WORK ITEM
The expected reply is all of the data, returned exactly.

Dataset entries
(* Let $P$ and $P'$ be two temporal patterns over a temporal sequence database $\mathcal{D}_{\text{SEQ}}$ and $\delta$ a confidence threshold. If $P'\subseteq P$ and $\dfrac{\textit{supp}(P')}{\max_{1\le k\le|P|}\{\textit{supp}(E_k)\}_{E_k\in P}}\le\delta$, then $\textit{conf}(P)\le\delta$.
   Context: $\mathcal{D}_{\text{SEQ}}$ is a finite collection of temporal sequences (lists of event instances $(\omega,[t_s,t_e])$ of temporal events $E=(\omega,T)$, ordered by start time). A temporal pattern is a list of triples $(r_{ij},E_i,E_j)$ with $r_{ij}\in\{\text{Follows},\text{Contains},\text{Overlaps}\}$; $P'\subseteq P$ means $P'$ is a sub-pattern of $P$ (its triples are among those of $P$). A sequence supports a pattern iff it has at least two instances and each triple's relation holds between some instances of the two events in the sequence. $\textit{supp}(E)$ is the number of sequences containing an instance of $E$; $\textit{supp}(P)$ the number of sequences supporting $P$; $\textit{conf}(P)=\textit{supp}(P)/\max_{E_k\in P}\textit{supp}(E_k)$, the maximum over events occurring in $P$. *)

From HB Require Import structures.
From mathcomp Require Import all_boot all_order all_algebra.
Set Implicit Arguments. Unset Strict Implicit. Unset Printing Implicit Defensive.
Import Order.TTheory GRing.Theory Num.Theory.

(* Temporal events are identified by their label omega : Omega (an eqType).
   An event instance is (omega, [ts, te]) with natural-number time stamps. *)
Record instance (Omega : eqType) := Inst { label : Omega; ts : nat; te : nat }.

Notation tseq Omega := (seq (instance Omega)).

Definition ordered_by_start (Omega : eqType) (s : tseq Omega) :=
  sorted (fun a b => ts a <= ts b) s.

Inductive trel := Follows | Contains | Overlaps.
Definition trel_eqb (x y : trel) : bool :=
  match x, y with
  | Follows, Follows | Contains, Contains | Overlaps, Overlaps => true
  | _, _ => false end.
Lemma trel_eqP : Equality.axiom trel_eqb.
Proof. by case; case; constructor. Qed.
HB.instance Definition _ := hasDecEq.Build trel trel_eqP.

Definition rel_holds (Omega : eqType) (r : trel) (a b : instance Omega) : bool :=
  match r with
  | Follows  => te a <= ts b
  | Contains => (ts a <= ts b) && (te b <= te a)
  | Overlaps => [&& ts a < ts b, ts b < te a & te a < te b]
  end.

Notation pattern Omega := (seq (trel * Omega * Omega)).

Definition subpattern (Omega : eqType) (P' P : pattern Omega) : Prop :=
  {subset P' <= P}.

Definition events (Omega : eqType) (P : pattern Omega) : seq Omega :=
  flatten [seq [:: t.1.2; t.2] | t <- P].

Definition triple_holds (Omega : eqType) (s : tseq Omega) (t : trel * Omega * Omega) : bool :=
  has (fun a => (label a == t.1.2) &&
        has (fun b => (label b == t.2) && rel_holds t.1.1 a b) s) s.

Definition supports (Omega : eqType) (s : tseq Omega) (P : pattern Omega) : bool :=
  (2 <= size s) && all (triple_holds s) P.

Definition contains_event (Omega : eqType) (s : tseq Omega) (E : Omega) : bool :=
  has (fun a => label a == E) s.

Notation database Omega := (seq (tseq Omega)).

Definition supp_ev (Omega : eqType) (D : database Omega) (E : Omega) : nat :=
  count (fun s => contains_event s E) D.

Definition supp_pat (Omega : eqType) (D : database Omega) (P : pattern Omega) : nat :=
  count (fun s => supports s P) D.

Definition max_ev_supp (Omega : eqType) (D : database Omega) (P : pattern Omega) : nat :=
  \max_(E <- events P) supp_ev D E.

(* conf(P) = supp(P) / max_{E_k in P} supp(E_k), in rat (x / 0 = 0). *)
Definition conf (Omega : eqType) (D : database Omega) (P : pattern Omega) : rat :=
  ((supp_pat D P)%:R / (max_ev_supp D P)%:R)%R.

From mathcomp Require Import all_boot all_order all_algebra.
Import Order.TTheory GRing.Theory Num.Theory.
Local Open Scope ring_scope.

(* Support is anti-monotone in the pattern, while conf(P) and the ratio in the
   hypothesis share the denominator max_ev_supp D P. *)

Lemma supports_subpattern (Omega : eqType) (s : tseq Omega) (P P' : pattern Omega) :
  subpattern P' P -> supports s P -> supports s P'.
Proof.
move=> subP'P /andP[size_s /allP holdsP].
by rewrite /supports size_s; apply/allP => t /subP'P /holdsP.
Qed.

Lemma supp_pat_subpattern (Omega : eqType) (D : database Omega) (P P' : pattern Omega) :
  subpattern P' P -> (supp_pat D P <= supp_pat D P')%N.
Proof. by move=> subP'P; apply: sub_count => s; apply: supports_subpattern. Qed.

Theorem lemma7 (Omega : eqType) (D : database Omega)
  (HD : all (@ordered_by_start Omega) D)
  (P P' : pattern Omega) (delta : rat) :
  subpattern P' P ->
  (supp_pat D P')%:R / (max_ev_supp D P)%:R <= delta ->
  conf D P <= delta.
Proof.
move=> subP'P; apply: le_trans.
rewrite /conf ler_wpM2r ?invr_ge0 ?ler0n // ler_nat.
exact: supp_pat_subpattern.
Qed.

FINISHED TASK
(* Let $P$ and $P'$ be two temporal patterns over a temporal sequence database $\mathcal{D}_{\text{SEQ}}$ and $\delta$ a confidence threshold. If $P'\subseteq P$ and $\dfrac{\textit{supp}(P')}{\max_{1\le k\le|P|}\{\textit{supp}(E_k)\}_{E_k\in P}}\le\delta$, then $\textit{conf}(P)\le\delta$.
   Context: $\mathcal{D}_{\text{SEQ}}$ is a finite collection of temporal sequences (lists of event instances $(\omega,[t_s,t_e])$ of temporal events $E=(\omega,T)$, ordered by start time). A temporal pattern is a list of triples $(r_{ij},E_i,E_j)$ with $r_{ij}\in\{\text{Follows},\text{Contains},\text{Overlaps}\}$; $P'\subseteq P$ means $P'$ is a sub-pattern of $P$ (its triples are among those of $P$). A sequence supports a pattern iff it has at least two instances and each triple's relation holds between some instances of the two events in the sequence. $\textit{supp}(E)$ is the number of sequences containing an instance of $E$; $\textit{supp}(P)$ the number of sequences supporting $P$; $\textit{conf}(P)=\textit{supp}(P)/\max_{E_k\in P}\textit{supp}(E_k)$, the maximum over events occurring in $P$. *)

From HB Require Import structures.
From mathcomp Require Import all_boot all_order all_algebra.
Set Implicit Arguments. Unset Strict Implicit. Unset Printing Implicit Defensive.
Import Order.TTheory GRing.Theory Num.Theory.

(* Temporal events are identified by their label omega : Omega (an eqType).
   An event instance is (omega, [ts, te]) with natural-number time stamps. *)
Record instance (Omega : eqType) := Inst { label : Omega; ts : nat; te : nat }.

Notation tseq Omega := (seq (instance Omega)).

Definition ordered_by_start (Omega : eqType) (s : tseq Omega) :=
  sorted (fun a b => ts a <= ts b) s.

Inductive trel := Follows | Contains | Overlaps.
Definition trel_eqb (x y : trel) : bool :=
  match x, y with
  | Follows, Follows | Contains, Contains | Overlaps, Overlaps => true
  | _, _ => false end.
Lemma trel_eqP : Equality.axiom trel_eqb.
Proof. by case; case; constructor. Qed.
HB.instance Definition _ := hasDecEq.Build trel trel_eqP.

Definition rel_holds (Omega : eqType) (r : trel) (a b : instance Omega) : bool :=
  match r with
  | Follows  => te a <= ts b
  | Contains => (ts a <= ts b) && (te b <= te a)
  | Overlaps => [&& ts a < ts b, ts b < te a & te a < te b]
  end.

Notation pattern Omega := (seq (trel * Omega * Omega)).

Definition subpattern (Omega : eqType) (P' P : pattern Omega) : Prop :=
  {subset P' <= P}.

Definition events (Omega : eqType) (P : pattern Omega) : seq Omega :=
  flatten [seq [:: t.1.2; t.2] | t <- P].

Definition triple_holds (Omega : eqType) (s : tseq Omega) (t : trel * Omega * Omega) : bool :=
  has (fun a => (label a == t.1.2) &&
        has (fun b => (label b == t.2) && rel_holds t.1.1 a b) s) s.

Definition supports (Omega : eqType) (s : tseq Omega) (P : pattern Omega) : bool :=
  (2 <= size s) && all (triple_holds s) P.

Definition contains_event (Omega : eqType) (s : tseq Omega) (E : Omega) : bool :=
  has (fun a => label a == E) s.

Notation database Omega := (seq (tseq Omega)).

Definition supp_ev (Omega : eqType) (D : database Omega) (E : Omega) : nat :=
  count (fun s => contains_event s E) D.

Definition supp_pat (Omega : eqType) (D : database Omega) (P : pattern Omega) : nat :=
  count (fun s => supports s P) D.

Definition max_ev_supp (Omega : eqType) (D : database Omega) (P : pattern Omega) : nat :=
  \max_(E <- events P) supp_ev D E.

(* conf(P) = supp(P) / max_{E_k in P} supp(E_k), in rat (x / 0 = 0). *)
Definition conf (Omega : eqType) (D : database Omega) (P : pattern Omega) : rat :=
  ((supp_pat D P)%:R / (max_ev_supp D P)%:R)%R.

From mathcomp Require Import all_boot all_order all_algebra.
Import Order.TTheory GRing.Theory Num.Theory.
Local Open Scope ring_scope.

(* Support is anti-monotone in the pattern, while conf(P) and the ratio in the
   hypothesis share the denominator max_ev_supp D P. *)

Lemma supports_subpattern (Omega : eqType) (s : tseq Omega) (P P' : pattern Omega) :
  subpattern P' P -> supports s P -> supports s P'.
Proof.
move=> subP'P /andP[size_s /allP holdsP].
by rewrite /supports size_s; apply/allP => t /subP'P /holdsP.
Qed.

Lemma supp_pat_subpattern (Omega : eqType) (D : database Omega) (P P' : pattern Omega) :
  subpattern P' P -> (supp_pat D P <= supp_pat D P')%N.
Proof. by move=> subP'P; apply: sub_count => s; apply: supports_subpattern. Qed.

Theorem lemma7 (Omega : eqType) (D : database Omega)
  (HD : all (@ordered_by_start Omega) D)
  (P P' : pattern Omega) (delta : rat) :
  subpattern P' P ->
  (supp_pat D P')%:R / (max_ev_supp D P)%:R <= delta ->
  conf D P <= delta.
Proof.
move=> subP'P; apply: le_trans.
rewrite /conf ler_wpM2r ?invr_ge0 ?ler0n // ler_nat.
exact: supp_pat_subpattern.
Qed.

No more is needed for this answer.